Record set: Begin
(* Let $T\in(0,\infty]$, let $f\in C([0,T)\times\bar U_K)$ be tilted (i.e. for every $t$, and all $x,y\in\bar U_K$ with $y-x\in\bar U_K^*$, one has $f(t,x)\le f(t,y)$), let $(t,x)\in(0,T)\times\partial U_K$, and let $\phi\in C^\infty((0,T)\times\bar U_K)$ be such that $(t,x)$ is a local maximum of $f-\phi$. Then \[ \inf_{\nu\in\mathbf n(x)}\nu\cdot\nabla\phi(t,x)\le0. \]
   Context: Fix integers $D,K\ge1$. Either $\mathcal C=(0,\infty)^D$, $\bar{\mathcal C}=\mathbb{R}_+^D$, $\mathcal E=\mathbb{R}^D$ with the Euclidean inner product, or $\mathcal C=S^D_{++}$ (positive definite symmetric $D\times D$ matrices), $\bar{\mathcal C}=S^D_+$ (positive semidefinite), $\mathcal E=S^D$ with $a\cdot b=\mathrm{tr}(a^*b)$; $|a|=(a\cdot a)^{1/2}$ and $x\le y$ means $y-x\in\bar{\mathcal C}$. $U_K=\{x=(x_1,\dots,x_K)\in\mathcal C^K: x_{k+1}-x_k\in\mathcal C\ \forall k\le K-1\}$, $\bar U_K=\{x\in\bar{\mathcal C}^K: x_1\le\dots\le x_K\}$ (its closure), $\partial U_K=\bar U_K\setminus U_K$. On $\mathcal E^K$, $x\cdot y=\sum_k x_k\cdot y_k$, $|x|=(x\cdot x)^{1/2}$, $\bar U_K^*=\{x\in\mathcal E^K: x\cdot v\ge0\ \forall v\in\bar U_K\}$, and for $x\in\partial U_K$, $\mathbf n(x)=\{\nu\in\mathcal E^K:|\nu|=1,\ (y-x)\cdot\nu\le0\ \forall y\in\bar U_K\}$. $\nabla\phi=(\partial_{x_1}\phi,\dots,\partial_{x_K}\phi)$. *)

From HB Require Import structures.
From mathcomp Require Import all_boot all_order all_algebra.
From mathcomp Require Import all_classical all_reals all_analysis.
Set Implicit Arguments. Unset Strict Implicit. Unset Printing Implicit Defensive.
Import Order.TTheory GRing.Theory Num.Theory.
Import numFieldNormedType.Exports.
Local Open Scope classical_set_scope.
Local Open Scope ring_scope.

(* The two settings of the paper:
   Orthant : C = (0,oo)^D,  E = R^D  (an element of E is a 1 x D row matrix)
   PSD     : C = S^D_{++},  E = S^D  (an element of E is a D x D matrix)     *)
Inductive setting := Orthant | PSD.

Definition Edim (s : setting) (D : nat) : nat :=
  match s with Orthant => 1%N | PSD => D end.

(* A point x = (x_1,...,x_K) of E^K is represented (inside an ambient matrix
   space) as a (K * Edim s D) x D matrix, whose k-th block is x_k. *)
Definition EK (R : realType) (s : setting) (K D : nat) :=
  'M[R]_(K * Edim s D, D).

Definition comp (R : realType) (s : setting) (K D : nat) (k : 'I_K)
  (x : EK R s K D) : 'M[R]_(Edim s D, D) :=
  \matrix_(i < Edim s D, j < D) x (mxvec_index k i) j.

Definition inE (R : realType) (s : setting) (D : nat) : 'M[R]_(Edim s D, D) -> Prop :=
  match s return 'M[R]_(Edim s D, D) -> Prop with
  | Orthant => fun _ => True
  | PSD => fun a => a^T = a
  end.

Definition inC (R : realType) (s : setting) (D : nat) : 'M[R]_(Edim s D, D) -> Prop :=
  match s return 'M[R]_(Edim s D, D) -> Prop with
  | Orthant => fun a => forall j, 0 < a ord0 j
  | PSD => fun a => a^T = a /\
      forall v : 'rV[R]_D, v != 0 -> 0 < (v *m a *m v^T) ord0 ord0
  end.

Definition inCbar (R : realType) (s : setting) (D : nat) : 'M[R]_(Edim s D, D) -> Prop :=
  match s return 'M[R]_(Edim s D, D) -> Prop with
  | Orthant => fun a => forall j, 0 <= a ord0 j
  | PSD => fun a => a^T = a /\
      forall v : 'rV[R]_D, 0 <= (v *m a *m v^T) ord0 ord0
  end.

Definition inEK (R : realType) (s : setting) (K D : nat) (x : EK R s K D) : Prop :=
  forall k : 'I_K, inE (comp k x).

Definition U (R : realType) (s : setting) (K D : nat) : set (EK R s K D) :=
  [set x | (forall k : 'I_K, inC (comp k x)) /\
           (forall (k : 'I_K) (h : (k.+1 < K)%N),
               inC (comp (Ordinal h) x - comp k x))].

Arguments U {R} s K D.

Definition Ubar (R : realType) (s : setting) (K D : nat) : set (EK R s K D) :=
  [set x | (forall k : 'I_K, inCbar (comp k x)) /\
           (forall (k : 'I_K) (h : (k.+1 < K)%N),
               inCbar (comp (Ordinal h) x - comp k x))].

Arguments Ubar {R} s K D.

Definition bdU (R : realType) (s : setting) (K D : nat) : set (EK R s K D) :=
  Ubar s K D `\` U s K D.

Arguments bdU {R} s K D.

(* inner product on E^K: sum_k x_k . y_k, with a . b = tr(a^* b) in the PSD
   case and the Euclidean product in the orthant case; both equal the sum of
   the entrywise products. *)
Definition dotEK (R : realType) (s : setting) (K D : nat) (x y : EK R s K D) : R :=
  \sum_(i < K * Edim s D) \sum_(j < D) x i j * y i j.

Definition normEK (R : realType) (s : setting) (K D : nat) (x : EK R s K D) : R :=
  Num.sqrt (dotEK x x).

Definition Ubar_dual (R : realType) (s : setting) (K D : nat) : set (EK R s K D) :=
  [set x | inEK x /\ forall v, Ubar s K D v -> 0 <= dotEK x v].

Arguments Ubar_dual {R} s K D.

Definition normals (R : realType) (s : setting) (K D : nat) (x : EK R s K D)
  : set (EK R s K D) :=
  [set nu | inEK nu /\ normEK nu = 1 /\
            forall y, Ubar s K D y -> dotEK (y - x) nu <= 0].

Definition tilted (R : realType) (s : setting) (K D : nat) (T : \bar R)
  (f : R * EK R s K D -> R) : Prop :=
  forall t, 0 <= t -> (t%:E < T)%E ->
  forall x y, Ubar s K D x -> Ubar s K D y -> Ubar_dual s K D (y - x) ->
  f (t, x) <= f (t, y).

Fixpoint iter_dder (R : realType) (V : normedModType R) (vs : seq V) (g : V -> R)
  : V -> R :=
  match vs with
  | [::] => g
  | v :: vs' => fun p => derive (iter_dder vs' g) p v
  end.

Definition smooth_on (R : realType) (V : normedModType R) (O : set V) (g : V -> R)
  : Prop :=
  open O /\ forall (vs : seq V) (p : V), O p -> differentiable (iter_dder vs g) p.

Definition dot_grad (R : realType) (s : setting) (K D : nat)
  (phi : R * EK R s K D -> R) (t : R) (x nu : EK R s K D) : R :=
  derive phi (t, x) (0, nu).

From Pilot Require Import Defs.
From HB Require Import structures.
From mathcomp Require Import all_boot all_order all_algebra.
From mathcomp Require Import all_classical all_reals all_analysis.
From mathcomp Require Import ring lra.
Import Order.TTheory GRing.Theory Num.Theory.
Import numFieldNormedType.Exports.
Local Open Scope classical_set_scope.
Local Open Scope ring_scope.
Set Implicit Arguments. Unset Strict Implicit. Unset Printing Implicit Defensive.

(* Write z_k = x_k - x_(k-1) (with x_0 = 0): x lies in \bar U_K iff every z_k
   lies in \bar C, and on the boundary some z_k is not in C.  For each k let
   S_k be the projector onto the face of \bar C exposed at z_k (the zero
   coordinates of z_k, resp. the kernel of z_k) and d_k = S_k - S_(k+1), so
   that d . v = sum_k S_k . z_k(v).  Then d is a nonzero element of
   \bar U_K^* orthogonal to x, hence -d/|d| is an outer normal at x, and
   x + h d stays in \bar U_K for small h > 0.  As f is tilted,
   f(t,x) <= f(t, x + h d), and the local maximum of f - phi then gives
   phi(t,x) <= phi(t, x + h d): the derivative of phi along d is
   nonnegative. *)

Section FrobeniusProduct.
Variable R : realType.

Definition mxdot m n (a b : 'M[R]_(m, n)) : R := \sum_i \sum_j a i j * b i j.

Lemma dotEK_mxdot s K D (x y : EK R s K D) : dotEK x y = mxdot x y.
Proof. by []. Qed.

Variables m n : nat.
Implicit Types a b c : 'M[R]_(m, n).

Lemma mxdotC a b : mxdot a b = mxdot b a.
Proof. by apply: eq_bigr => i _; apply: eq_bigr => j _; rewrite mulrC. Qed.

Lemma mxdotDl a b c : mxdot (a + b) c = mxdot a c + mxdot b c.
Proof.
rewrite /mxdot -big_split; apply: eq_bigr => i _; rewrite -big_split.
by apply: eq_bigr => j _; rewrite mxE mulrDl.
Qed.

Lemma mxdotZl k a b : mxdot (k *: a) b = k * mxdot a b.
Proof.
rewrite /mxdot mulr_sumr; apply: eq_bigr => i _; rewrite mulr_sumr.
by apply: eq_bigr => j _; rewrite mxE mulrA.
Qed.

Lemma mxdotNl a b : mxdot (- a) b = - mxdot a b.
Proof. by rewrite -scaleN1r mxdotZl mulN1r. Qed.

Lemma mxdotBl a b c : mxdot (a - b) c = mxdot a c - mxdot b c.
Proof. by rewrite mxdotDl mxdotNl. Qed.

Lemma mxdotDr a b c : mxdot a (b + c) = mxdot a b + mxdot a c.
Proof. by rewrite !(mxdotC a) mxdotDl. Qed.

Lemma mxdotZr k a b : mxdot a (k *: b) = k * mxdot a b.
Proof. by rewrite !(mxdotC a) mxdotZl. Qed.

Lemma mxdotNr a b : mxdot a (- b) = - mxdot a b.
Proof. by rewrite !(mxdotC a) mxdotNl. Qed.

Lemma mxdotBr a b c : mxdot a (b - c) = mxdot a b - mxdot a c.
Proof. by rewrite mxdotDr mxdotNr. Qed.

Lemma mxdot0l a : mxdot 0 a = 0.
Proof. by rewrite -(scale0r 0) mxdotZl mul0r. Qed.

Lemma mxdot0r a : mxdot a 0 = 0.
Proof. by rewrite mxdotC mxdot0l. Qed.

Lemma mxdot_ge0 a : 0 <= mxdot a a.
Proof. by apply: sumr_ge0 => i _; apply: sumr_ge0 => j _; rewrite -expr2 sqr_ge0. Qed.

Lemma mxdot_entry_le a i j : a i j ^+ 2 <= mxdot a a.
Proof.
have sq_ge0 (k : 'I_m) (l : 'I_n) : 0 <= a k l * a k l by rewrite -expr2 sqr_ge0.
rewrite /mxdot (bigD1 i) //= (bigD1 j) //= expr2 -addrA lerDl.
by rewrite addr_ge0 ?sumr_ge0 // => k _; rewrite sumr_ge0.
Qed.

Lemma mxdot_eq0 a : (mxdot a a == 0) = (a == 0).
Proof.
apply/eqP/eqP => [a0|->]; last exact: mxdot0l.
apply/matrixP => i j; rewrite mxE; apply/eqP; rewrite -sqrf_eq0 eq_le sqr_ge0 andbT.
by rewrite -a0 mxdot_entry_le.
Qed.

Lemma mxdot_trace a b : mxdot a b = \tr (a *m b^T).
Proof.
rewrite /mxtrace; apply: eq_bigr => i _; rewrite mxE.
by apply: eq_bigr => j _; rewrite mxE.
Qed.

End FrobeniusProduct.

Lemma mxdot_row (R : realType) n (u w : 'rV[R]_n) : mxdot u w = (u *m w^T) 0 0.
Proof. by rewrite mxdot_trace /mxtrace big_ord1. Qed.

Section Cones.
Variables (R : realType) (s : setting) (D : nat).
Local Notation M := 'M[R]_(Edim s D, D).
Implicit Types a b : M.

Lemma inEB a b : Defs.inE a -> Defs.inE b -> Defs.inE (a - b).
Proof. by case: s a b => //= a b ha hb; rewrite linearB /= ha hb. Qed.

Lemma inEZ k a : Defs.inE a -> Defs.inE (k *: a).
Proof. by case: s a => //= a ha; rewrite linearZ /= ha. Qed.

Lemma inCbarD a b : inCbar a -> inCbar b -> inCbar (a + b).
Proof.
case: s a b => /= a b; first by move=> ha hb j; rewrite mxE addr_ge0.
move=> [ha1 ha2] [hb1 hb2]; split; first by rewrite linearD /= ha1 hb1.
by move=> v; rewrite mulmxDr mulmxDl mxE addr_ge0.
Qed.

Lemma inC_addr a b : inC a -> inCbar b -> inC (a + b).
Proof.
case: s a b => /= a b; first by move=> ha hb j; rewrite mxE ltr_pwDl.
move=> [ha1 ha2] [hb1 hb2]; split; first by rewrite linearD /= ha1 hb1.
by move=> v hv; rewrite mulmxDr mulmxDl mxE ltr_pwDl // ha2.
Qed.

(* In the orthant case a 0/1 row stands for the diagonal of a coordinate projection. *)
Definition projector : M -> Prop :=
  match s as s' return 'M[R]_(Edim s' D, D) -> Prop with
  | Orthant => fun A => forall j, A ord0 j = 0 \/ A ord0 j = 1
  | PSD => fun A => A^T = A /\ A *m A = A
  end.

Lemma projector0 : projector 0.
Proof.
rewrite /projector; case: s => /=; last by rewrite trmx0 mul0mx.
by move=> j; left; rewrite mxE.
Qed.

Lemma projector_inE A : projector A -> Defs.inE A.
Proof. by rewrite /projector; case: s A => //= A []. Qed.

(* The last clause keeps x + h d in \bar U_K: the k-th increment of the
   direction d built below is (S_k - S_(k+1)) + (S_k - S_(k-1)). *)
Definition face_projector (z S : M) : Prop :=
  [/\ projector S, forall y, inCbar y -> 0 <= mxdot S y, mxdot S z = 0,
      ~ inC z -> S != 0 &
      \forall e \near 0^'+, forall A B, projector A -> projector B ->
        inCbar (z + e *: ((S - A) + (S - B)))].

End Cones.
Record set: End
### Directions for this task
Exact duplication is required for the lines above, from the line that contains "Section FrobeniusProduct." to the line that contains "Implicit Types a b c : 'M[R]_(m, n).", inclusive; omit all others.

### Solution for this task
Section FrobeniusProduct.
Variable R : realType.

Definition mxdot m n (a b : 'M[R]_(m, n)) : R := \sum_i \sum_j a i j * b i j.

Lemma dotEK_mxdot s K D (x y : EK R s K D) : dotEK x y = mxdot x y.
Proof. by []. Qed.

Variables m n : nat.
Implicit Types a b c : 'M[R]_(m, n).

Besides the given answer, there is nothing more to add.